The implications for this in the arena and equine-assisted practices is multi-fold. As mentioned earlier, we utilize physical touch in the forms of Sensory Integration (as learned from Rupert Isaacson of Horse Boy fame), and in the form of grooming. However, it is presented, the effect of oxytocin on both client and the horse is therapeutic and helpful for many clients. (Although not scientifically proven, it is in this realm that there appears to be the single best support for the idea that horses actually “get something” out of equine-assisted practices with humans.)
Another idea that is relevant to this discussion, Entrainment, is explained by Daniel Goleman (2006) in Social Intelligence, and occurs “whenever one natural process entrains or oscillates in rhythm with another” (p.34). Some studies regarding horse’s electromagnetic field and the impact on humans within that field indicated that humans more quickly reach a state of coherence when in the presence of horses that when not (Walters & Baldwin, 2011). Coherence here refers to “’the quality of being logically integrated, consistent and intelligible,’ as in a coherent statement. A related meaning is a ‘logical, orderly, and aesthetically consistent relationship of parts.’” (“Coherence,” n.d., para.1) For more on this horse-human interaction, see the “Horse-Human Heart Connection” by Ellen Kaye Gehrke in the spring 2010 issue of PATH Intl. Strides. See also the Hearth Math Institute, www.Heart-Math.org.

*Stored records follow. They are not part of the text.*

Lemma cnot_conj_Weyl n (j k : 'I_n) (neq_jk : j != k) (x : PLabel n) : exists s : bool,
  op_conj (gate_op (CNOT neq_jk)) (Weyl_op x) =
  op_scale ((-1) ^+ s) (Weyl_op (gate_map (CNOT neq_jk) x)).
Proof.
have permK := cnot_permK neq_jk.
have [s phase] : exists s : bool, ('i ^+ dotN (lsubmx x) (rsubmx x) : algC) =
    (-1) ^+ s * 'i ^+ dotN (cnot_perm j k (lsubmx x)) (cnot_perm k j (rsubmx x)).
  by apply: expCi_F2; rewrite !dotN_F2 dotF_cnot_perm.
exists s; rewrite [gate_op _]/(perm_op (cnot_perm j k)) op_conj_perm //.
apply: op_ext => w z; rewrite /op_scale !Weyl_op_entry /= row_mxKl row_mxKr phase -mulrA.
congr (_ * (_ * (_ * _))); first by apply/signr_F2; rewrite !dotN_F2 dotF_cnot_permC.
by rewrite -[in RHS](inj_eq (can_inj permK)) cnot_permD permK.
Qed.

Lemma gate_conj_Weyl n (g : gate n) (x : PLabel n) :
  exists s : bool, op_conj (gate_op g) (Weyl_op x) = op_scale ((-1) ^+ s) (Weyl_op (gate_map g x)).
Proof.
case: g => [j | j | j k neq_jk].
- have [s conj_j] := pH_conj_pauli (xa x j) (xb x j).
  exists s; rewrite !Weyl_op_tens op_conj_single -(tens_scale j); congr tens.
  by apply: functional_extensionality => k; rewrite gate_mapH_a gate_mapH_b; case: eqP => [-> |].
- have [s conj_j] := pS_conj_pauli (xa x j) (xb x j).
  exists s; rewrite !Weyl_op_tens op_conj_single -(tens_scale j); congr tens.
  by apply: functional_extensionality => k; rewrite gate_mapS_a gate_mapS_b; case: eqP => [-> |].
exact: cnot_conj_Weyl.
Qed.

Lemma gate_unitary n (g : gate n) : op_mul (op_adj (gate_op g)) (gate_op g) = @op_id n.
Proof.
case: g => [j | j | j k neq_jk].
- exact: single_unitary pH_unitary.
- exact: single_unitary pS_unitary.
- exact: (perm_op_unitary (cnot_permK neq_jk)).
Qed.

Section Circuits.
Variable n : nat.
Implicit Types (C : circuit n) (g : gate n) (x : PLabel n).

Lemma circ_op_rcons C g : circ_op (rcons C g) = op_mul (gate_op g) (circ_op C).
Proof. by rewrite /circ_op foldl_rcons. Qed.

Lemma circ_op_cat C C' : circ_op (C ++ C') = op_mul (circ_op C') (circ_op C).
Proof.
elim/last_ind: C' => [|C' g IH]; first by rewrite cats0 /circ_op /= op_mul1l.
by rewrite -rcons_cat !circ_op_rcons IH op_mulA.
Qed.

Lemma circ_unitary C : op_mul (op_adj (circ_op C)) (circ_op C) = @op_id n.
Proof.
elim/last_ind: C => [|C g IH]; first by rewrite /circ_op /= op_adj1 op_mul1l.
rewrite circ_op_rcons op_adj_mul op_mulA -(op_mulA (op_adj (gate_op g))) gate_unitary.
by rewrite op_mul1l IH.
Qed.

(* [S^-1 = S^3] is the only gate that is not self-inverse. *)
Definition gate_inv g : circuit n := if g is Sgate j then [:: g; g; g] else [:: g].

Definition circ_inv C : circuit n := flatten (rev (map gate_inv C)).

Lemma circ_op_gate_inv g : circ_op (gate_inv g) = op_adj (gate_op g).
Proof.
case: g => [j | j | j k neq_jk]; rewrite /circ_op /= ?op_mul1r.
- by rewrite single_adj adjmx_pH.
- rewrite single_adj /single !tens_mul -pS_cube; congr tens.
  by apply: functional_extensionality => k; case: (k == j); rewrite ?mulmx1.
- by rewrite [cnot_op j k]/(perm_op (cnot_perm j k)) perm_op_adj //; apply: cnot_permK.
Qed.

Lemma circ_op_inv C : circ_op (circ_inv C) = op_adj (circ_op C).
Proof.
elim/last_ind: C => [|C g IH]; first by rewrite /circ_inv /circ_op /= op_adj1.
rewrite /circ_inv map_rcons rev_rcons /= circ_op_cat -/(circ_inv C) IH circ_op_gate_inv.
by rewrite circ_op_rcons op_adj_mul.
Qed.
Lemma segment_connected_component m (A : set 'rV[R^o]_m) (y z : 'rV[R^o]_m) :
    (forall t : R, 0 <= t <= 1 -> A ((1 - t) *: y + t *: z)) ->
  connected_component A y z.
Proof.
move=> segA; pose seg (t : R^o) := ((1 - t) *: y + t *: z : 'rV[R^o]_m).
have seg_cont : continuous seg.
  have -> : seg = (fun t => (1 - t) *: y) + (fun t => t *: z) by [].
  move=> t; apply: continuousD; apply: continuousZr_tmp => //.
  have -> : (fun t : R^o => 1 - t) = cst 1 - id by [].
  by apply: continuousB => //; exact: cvg_cst.
have seg01 : seg @` `[(0 : R), 1] `<=` A.
  by move=> _ [t t01 <-]; apply: segA; move: t01; rewrite /= in_itv.
have seg0 : seg 0 = y by rewrite /seg subr0 scale1r scale0r addr0.
have seg1 : seg 1 = z by rewrite /seg subrr scale0r scale1r add0r.
apply: (connected_component_max (B := seg @` `[(0 : R), 1])) => //.
- by rewrite -seg0; exists 0; rewrite //= in_itv /= lexx ler01.
- apply: connected_continuous_connected; first exact: segment_connected.
  exact: continuous_subspaceT.
- by rewrite -seg1; exists 1; rewrite //= in_itv /= lexx ler01.
Qed.

Section Invariance.
Variables (T : topologicalType) (f : T -> T).
Hypothesis f_cont : continuous f.

Lemma closure_invariant (A : set T) :
  (forall x, A x -> A (f x)) -> forall x, closure A x -> closure A (f x).
Proof.
move=> fA x Ax B /f_cont /Ax [a [Aa Ba]].
by exists (f a); split => //; exact: fA.
Qed.

Lemma connected_component_invariant (A : set T) x :
    (forall y, A y -> A (f y)) -> connected_component A x (f x) ->
  forall y, connected_component A x y -> connected_component A x (f y).
Proof.
move=> fA xfx y xy.
rewrite (same_connected_component xfx).
apply: (connected_component_max (B := f @` connected_component A x)).
- exists x => //; apply: connected_component_refl.
  exact: connected_component_sub (connected_component_sym xy).
- by move=> _ [w xw <-]; apply/fA/(connected_component_sub xw).
- apply: connected_continuous_connected; first exact: component_connected.
  exact: continuous_subspaceT.
- by exists y.
Qed.

End Invariance.

Section SignOnConnected.
Variables (T : topologicalType) (f : T -> R^o) (A : set T) (x0 : T).
Hypotheses (f_cont : continuous f) (A_conn : connected A) (Ax0 : A x0).
Hypothesis f_neq0 : forall w, A w -> f w != 0.

Lemma connected_sign w : A w -> 0 < f w * f x0.
Proof.
move=> Aw; rewrite ltNge; apply/negP => fwx0.
have /connected_intervalP fA_itv : connected (f @` A).
  exact/connected_continuous_connected/continuous_subspaceT.
have [a Aa fa0] : (f @` A) 0.
  have [fw_le|fx0_lt] := leP (f w) (f x0).
    by apply: (fA_itv (f w) (f x0)); [exists w|exists x0|apply/andP; split; nra].
  by apply: (fA_itv (f x0) (f w)); [exists x0|exists w|apply/andP; split; nra].
by have := f_neq0 Aa; rewrite fa0 eqxx.
Qed.

Lemma closure_connected_sign z : closure A z -> 0 <= f z * f x0.
Proof.
have closed_sign : closed [set z | 0 <= f z * f x0].
  rewrite (_ : mkset _ = (fun z => f z *: f x0) @^-1` [set r : R^o | 0 <= r]) //.
  apply: preimage_closed; last exact: closed_ge.
  by move=> y _; apply: continuousZr_tmp; exact: f_cont.
move/(closureS (fun w Aw => ltW (connected_sign Aw))).
by rewrite -(closure_id _).1.
Qed.

End SignOnConnected.

Lemma eq0_of_near0_mul_ge0 (c : R) : (\forall t \near (0 : R^o), 0 <= t * c) -> c = 0.
Proof.
case/nbhs_ballP => e e0 sign_c; set t := e / 2.
have t0 : 0 < t by rewrite divr_gt0.
have ball_e s : `|s| = t -> ball (0 : R^o) e s.
  move=> st; rewrite -ball_normE /ball_ /= sub0r normrN st.
  by rewrite ltr_pdivrMr // ltr_pMr // ltr1n.
have /sign_c /= c_ge0 := ball_e t (gtr0_norm t0).
have /sign_c /= c_le0 := ball_e (- t) (etrans (normrN t) (gtr0_norm t0)).
move: c_ge0 c_le0; rewrite mulNr oppr_ge0 (pmulr_rge0 _ t0) (pmulr_rle0 _ t0).
by move=> c_ge0 c_le0; apply/eqP; rewrite eq_le c_le0 c_ge0.
Qed.

End Topology.

(* In coordinates diagonalizing the form, timelike vectors have a nonzero last
   coordinate; the combination of [x] and [y] killing it has nonnegative norm,
   which is impossible when [x.y = 0]. *)
Lemma timelike_dot_neq0 (R : realType) n (G : 'M[int]_n.+1) :
  signature_n1 R G ->
  forall x y : 'rV[R]_n.+1, bK G x x < 0 -> bK G y y < 0 -> bK G x y != 0.
Proof.
case=> Gsym [P unitP PGP] x y xx yy.
pose last_coord (w : 'rV[R]_n.+1) := (w *m invmx P) 0 ord_max.
have ge0_of_last0 w : last_coord w = 0 -> 0 <= bK G w w.
  rewrite /last_coord -{2 3}(mulmxKV unitP w); move: (w *m invmx P) => c c_last.
  rewrite /bK trmx_mul -!mulmxA [P *m (_ *m _)]mulmxA [P *m _ *m _]mulmxA PGP.
  rewrite mulmxA mul_mx_diag mxE; apply: sumr_ge0 => j _; rewrite !mxE.
  by case: eqP => [->|_]; rewrite ?c_last ?mul0r // mulr1 -expr2 sqr_ge0.
have last_neq0 w : bK G w w < 0 -> last_coord w != 0.
  by move=> ww; apply/eqP => /ge0_of_last0; rewrite leNgt ww.
have lastB a b w w' : last_coord (a *: w - b *: w') = a * last_coord w - b * last_coord w'.
  by rewrite /last_coord mulmxBl -!scalemxAl !mxE.
have := ge0_of_last0 (last_coord y *: x - last_coord x *: y).
rewrite lastB mulrC subrr => /(_ erefl).
rewrite !bKBl !bKZl !(bKBr Gsym) !(bKZr Gsym) (bK_sym Gsym y x).
apply: contraTneq => ->; rewrite -ltNge.
have := last_neq0 _ xx; have := last_neq0 _ yy.
move: (last_coord x) (last_coord y) => lx ly ly0 lx0.
have lx2 : 0 < lx * lx by rewrite lt0r mulf_neq0 //= -expr2 sqr_ge0.
have ly2 : 0 < ly * ly by rewrite lt0r mulf_neq0 //= -expr2 sqr_ge0.
nra.
Qed.

Lemma convex_comb_gt0 (R : realFieldType) (t p q : R) :
  0 <= t <= 1 -> 0 < p -> 0 < q -> 0 < (1 - t) * p + t * q.
Proof. by case/andP=> t0 t1 p0 q0; have [pq|qp] := lerP p q; nra. Qed.

Section ChamberClosure.
Variables (R : realType) (m : nat) (G : 'M[int]_m) (x0 : 'rV[R]_m).
Hypotheses (Gsym : G^T = G) (x0reg : reg G setT x0).
Hypothesis timelike_dot :
  forall x y : 'rV[R]_m, bK G x x < 0 -> bK G y y < 0 -> bK G x y != 0.
Local Notation C0 := (chamber G setT x0).

Lemma closure_chamber_sign (c : 'rV[R]_m) z :
    (forall w, reg G setT w -> bK G w c != 0) -> closure C0 z ->
  0 <= bK G z c * bK G x0 c.
Proof.
move=> c_reg; apply: (closure_connected_sign (f := fun w : 'rV[R^o]_m => (bK G w c : R^o))).
- exact: bK_continuous.
- exact: component_connected.
- exact: connected_component_refl.
- by move=> w /connected_component_sub; exact: c_reg.
Qed.

Lemma closure_chamber_root_sign u z : Phi G setT u -> closure C0 z ->
  0 <= bK G z (toK R u) * bK G x0 (toK R u).
Proof. by move=> Phiu; apply: closure_chamber_sign => w [_]; apply. Qed.

Lemma closure_chamber_dot_lt0 y z : bK G y y < 0 -> bK G z z < 0 ->
  closure C0 y -> closure C0 z -> bK G y z < 0.
Proof.
move=> yy zz C0y C0z.
have timelike_sign w : closure C0 w -> 0 <= bK G w y * bK G x0 y.
  by apply: closure_chamber_sign => w' [[_ w'w'] _]; exact: timelike_dot.
have x0y : bK G x0 y < 0.
  have x0x0 : bK G x0 x0 < 0 by case: x0reg => -[].
  have := timelike_sign _ C0y; have := timelike_dot x0x0 yy; nra.
have := timelike_sign _ C0z; have := timelike_dot zz yy.
rewrite (bK_sym Gsym z y); nra.
Qed.
(* Let $(\Lambda(x_1,x_2,x_3,x_4;y_1,y_2,y_3,y_4),\partial)$ be as in the context, let $\alpha\in\mathrm{aut}_\sharp$ with $\alpha(x_1)=x_1$, $\alpha(x_i)=x_i+A_i$ ($i=2,3,4$), and write $P_1=\sum_{k=0}^{s}\theta_k x_4^k$ with $\theta_k\in\mathbb{Q}[x_1,x_2,x_3]$, $\theta_s\neq0$. Then for every $0\le i\le s-1$, $$\alpha(\theta_i)=\theta_i+\sum_{k=1}^{s-i}(-1)^k\binom{k+i}{k}\theta_{k+i}A_4^{k}.$$
   Context: Setting: $x_1,\dots,x_4$ are generators of positive even degrees with $|x_1|\le|x_2|\le|x_3|\le|x_4|$, $y_1,\dots,y_4$ are of odd degree, $(\Lambda(x_1,\dots,x_4;y_1,\dots,y_4),\partial)$ is the free graded-commutative cochain algebra over $\mathbb{Q}$ with $\partial x_i=0$, $\partial y_i=P_i\in\mathbb{Q}[x_1,\dots,x_4]$, where $P_1,\dots,P_4$ is a regular sequence and $|P_1|\le|P_2|\le|P_3|\le|P_4|$. $\mathrm{aut}_\sharp$ is the group of cochain algebra automorphisms inducing the identity on the indecomposables $\mathrm{span}(x_i,y_i)$; for $\alpha\in\mathrm{aut}_\sharp$ one has $\alpha(x_1)=x_1$ and $\alpha(x_i)=x_i+A_i$ with $A_i$ polynomials in the $x_j$. *)

From HB Require Import structures.
From mathcomp Require Import all_boot all_order all_algebra.
From mathcomp Require Import mpoly.
Set Implicit Arguments. Unset Strict Implicit. Unset Printing Implicit Defensive.
Import Order.TTheory GRing.Theory Num.Theory.
Local Open Scope ring_scope.

(* Q[x_1,...,x_4]; variable x_{i+1} is 'X_i for i : 'I_4. *)
Notation qpoly := {mpoly rat[4]}.

(* The free graded-commutative algebra Lambda(x_1..x_4; y_1..y_4) over Q:
   an element f is  sum_{S subset {1..4}} f(S) * y_S, with y_S = y_{s1}...y_{sk}
   (s1 < ... < sk) and f(S) in Q[x]. *)
Definition Lam := {ffun {set 'I_4} -> qpoly}.

Definition x1 : 'I_4 := @Ordinal 4 0 isT.
Definition x4 : 'I_4 := @Ordinal 4 3 isT.

Definition emb (p : qpoly) : Lam := [ffun S => if S == set0 then p else 0].
Definition lam_one : Lam := emb 1.
Definition lam_x (i : 'I_4) : Lam := emb 'X_i.
Definition lam_y (i : 'I_4) : Lam := [ffun S => if S == [set i] then 1 else 0].
Lemma xi_ee_G_lt_G' : xi_ee E < xi_ee E'.
Proof.
rewrite -subr_gt0 xi_ee_gain (bigD1 w) //= (bigD1 v) //=.
have gA : 0 <= \sum_(a | a != w) gain (A a) by apply: sumr_ge0 => a; apply: gain_A_ge0.
have gB : 0 <= \sum_(b | b != v) gain (B b) by apply: sumr_ge0 => b; apply: gain_B_ge0.
case: (leqP R K) => [RK|KR].
  have gU : 0 <= \sum_i gain (U i) by apply: sumr_ge0 => i _; apply: gain_U_ge0.
  by have := gain_WV_gt0 RK; lra.
by have := gain_WV_ge0 KR; have := gain_H1_path_gt0 KR; lra.
Qed.

End Construction.

Theorem theorem3p1 (T1 T2 : finType) (e1 : rel T1) (e2 : rel T2)
  (w : T1) (v : T2) (k l : nat) :
  simple_graph e1 -> connected_graph e1 -> 2 <= #|T1| ->
  simple_graph e2 -> connected_graph e2 -> 2 <= #|T2| ->
  k = ecc e1 w -> 1 <= l -> l.+1 <= k ->
  (xi_ee (G_edge e1 e2 w v l) < xi_ee (G'_edge e1 e2 w v l))%R.
Proof.
move=> [e1_sym _] e1_conn _ [e2_sym e2_irr] e2_conn T2_nontrivial -> l_gt0 l_lt_ecc.
exact: xi_ee_G_lt_G'.
Qed.
Let is_derive_f_increment z e :
  is_derive (0 : R) 1 (fun t => f (z + t *: e) - f z) (dotv (g z) e).
Proof.
change (is_derive (0 : R) 1 ((fun t => f (z + t *: e)) - cst (f z)) (dotv (g z) e)).
have dcst := is_derive_cst (f z) (0 : R) (1 : R).
apply: is_derive_eq (is_deriveB (is_derive_f_along hg z e 0) dcst) _.
by rewrite scale0r addr0 subr0.
Qed.

Lemma strongly_convex_x_grad (y : 'cV[R]_m) (x1 x2 : 'cV[R]_n) :
  dotv (g (col_mx x2 y)) (col_mx (x1 - x2) 0)
  <= f (col_mx x1 y) - f (col_mx x2 y) - mu / 2 * normE (x1 - x2) ^+ 2.
Proof.
set z := col_mx x2 y; set e := col_mx (x1 - x2) (0 : 'cV[R]_m).
apply: (is_derive0_le (C := mu / 2 * normE (x1 - x2) ^+ 2)
    (is_derive_f_increment z e) _ ltr01).
  by rewrite scale0r addr0 subrr.
move=> t /andP [t0 t1].
have -> : z + t *: e = col_mx (t *: x1 + (1 - t) *: x2) y.
  rewrite /z /e scale_col_mx add_col_mx scaler0 addr0; congr col_mx.
  by rewrite scalerBr scalerBl scale1r addrCA addrC.
have := hsc y x1 x2 (t := t); rewrite (ltW t0) (ltW t1) -/z => /(_ isT).
set N := normE _ ^+ 2; set A := f (col_mx x1 y); set B := f z => conv.
nra.
Qed.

As Goleman (2006) says, “When waves are out of synch, they cancel each other; when they synchronize, they amplify” (p.34). Other studies demonstrate that horses also entrain to us as evidenced by increased heart-rate in horses when there is a similar heart-rate increase in the human at the end of the lead rope or on the horse’s back (Zacks, 2009). Yet another study by Katrina Merkies, Ph.D., points to horses being even more relaxed around stressed humans as evidenced by lower heart rates in horses when humans present higher heart rates. This suggests that, “being physically or especially psychologically stressed around horses does not present an increased risk to the humans.” (Leste-Lasserre, para. 8, 2012)
In the arena, I’ve seen both the horse entrain with the human (especially in the case of an Equine Specialist working with a horse who is unregulated), and I’ve also seen clients entrain with horses, coming down from an aroused state to a more coherent one. How the entrainment happens and who drives the entrainment—the horse? The client? The facilitators? — is an opportunity for more study. We simply don’t have enough measurable scientific evidence to state anything for certain in this regard.
No matter the science, our work in equine-assisted practice allows clients to observe these nonverbal dynamics within themselves. Their interaction with horses provides them the opportunity to practice a host of these and other social intelligence attributes as they play out in the arena. Clients learn how to connect with the horse, with the ability to experiment and practice behaviors while learning the value of qualities like empathy and empathetic accuracy.